When the line containing "q-subgroup Q contains" is reached, include it and end there; set down verbatim every line before it, starting at the top of the records.

Excerpts from a dataset →
◇ ◇ ◇
(* Let $G$ be a finite group with $\mathcal{D}(G)-\mathcal{D}(Z(G))=3$ and $\mathcal{D}(G/Z(G))=1$. Then $G=KH$ where $K\trianglelefteq G$ has prime order $p$, $H$ is a cyclic subgroup of order $q^2$ for a prime $q$ dividing $p-1$, $K\cap H=1$, and $C_H(K)=Z(G)$ has order $q$.
   Context: $\mathcal{D}(X)$ denotes the number of conjugacy classes of nontrivial subgroups $Y$ of the finite group $X$ with $N_X(Y)\neq Y$. $Z(G)$ is the center of $G$. *)

From mathcomp Require Import all_boot all_fingroup all_solvable.
Set Implicit Arguments.
Unset Strict Implicit.
Unset Printing Implicit Defensive.
Local Open Scope group_scope.

Definition nsn_subgroups (gT : finGroupType) (X : {set gT}) : {set {set gT}} :=
  [set Y : {set gT} | [&& group_set Y, Y \subset X, Y != 1 & 'N_X(Y) != Y]].

Definition calD (gT : finGroupType) (X : {set gT}) : nat :=
  #|[set Y :^: X | Y in nsn_subgroups X]|.

From mathcomp Require Import all_boot all_fingroup all_solvable.
(* The classes counted by calD G are those of the subgroups of 'Z(G) (counted
   by calD 'Z(G)), the class of 'Z(G), the classes of non-self-normalizing
   overgroups of 'Z(G), which form a single class because calD (G / 'Z(G)) = 1,
   and the classes of the nontrivial subgroups incomparable with 'Z(G), which
   are never self-normalizing.  The hypothesis calD G = calD 'Z(G) + 3 thus
   makes all subgroups incomparable with 'Z(G) conjugate.  Since G / 'Z(G) is
   neither cyclic nor a p-group, this yields primes p <> q, a p-element y with
   <[y]> incomparable with 'Z(G) and a q-element w with 'Z(G) < <[w]>.  Then
   K = <[y]> has order p and is a Sylow subgroup, 'Z(G) has order q, the only
   primes dividing #|G| are p and q, and every nontrivial subgroup of a Sylow
   q-subgroup Q contains 'Z(G).  Comparing the orders of non-self-normalizing
   overgroups of 'Z(G) gives #|Q| = q ^ 2; a Frobenius counting argument in
   G / 'Z(G) and coprime action of K on the abelian group Q give K <| G, and
   Q / 'C_Q(K) embeds in Aut K, so q divides p - 1. *)

Set Implicit Arguments.
Unset Strict Implicit.
Unset Printing Implicit Defensive.
Local Open Scope group_scope.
◇ ◇ ◇
Solution for this problem →
(* Let $G$ be a finite group with $\mathcal{D}(G)-\mathcal{D}(Z(G))=3$ and $\mathcal{D}(G/Z(G))=1$. Then $G=KH$ where $K\trianglelefteq G$ has prime order $p$, $H$ is a cyclic subgroup of order $q^2$ for a prime $q$ dividing $p-1$, $K\cap H=1$, and $C_H(K)=Z(G)$ has order $q$.
   Context: $\mathcal{D}(X)$ denotes the number of conjugacy classes of nontrivial subgroups $Y$ of the finite group $X$ with $N_X(Y)\neq Y$. $Z(G)$ is the center of $G$. *)

From mathcomp Require Import all_boot all_fingroup all_solvable.
Set Implicit Arguments.
Unset Strict Implicit.
Unset Printing Implicit Defensive.
Local Open Scope group_scope.

Definition nsn_subgroups (gT : finGroupType) (X : {set gT}) : {set {set gT}} :=
  [set Y : {set gT} | [&& group_set Y, Y \subset X, Y != 1 & 'N_X(Y) != Y]].

Definition calD (gT : finGroupType) (X : {set gT}) : nat :=
  #|[set Y :^: X | Y in nsn_subgroups X]|.

From mathcomp Require Import all_boot all_fingroup all_solvable.
(* The classes counted by calD G are those of the subgroups of 'Z(G) (counted
   by calD 'Z(G)), the class of 'Z(G), the classes of non-self-normalizing
   overgroups of 'Z(G), which form a single class because calD (G / 'Z(G)) = 1,
   and the classes of the nontrivial subgroups incomparable with 'Z(G), which
   are never self-normalizing.  The hypothesis calD G = calD 'Z(G) + 3 thus
   makes all subgroups incomparable with 'Z(G) conjugate.  Since G / 'Z(G) is
   neither cyclic nor a p-group, this yields primes p <> q, a p-element y with
   <[y]> incomparable with 'Z(G) and a q-element w with 'Z(G) < <[w]>.  Then
   K = <[y]> has order p and is a Sylow subgroup, 'Z(G) has order q, the only
   primes dividing #|G| are p and q, and every nontrivial subgroup of a Sylow
   q-subgroup Q contains 'Z(G).  Comparing the orders of non-self-normalizing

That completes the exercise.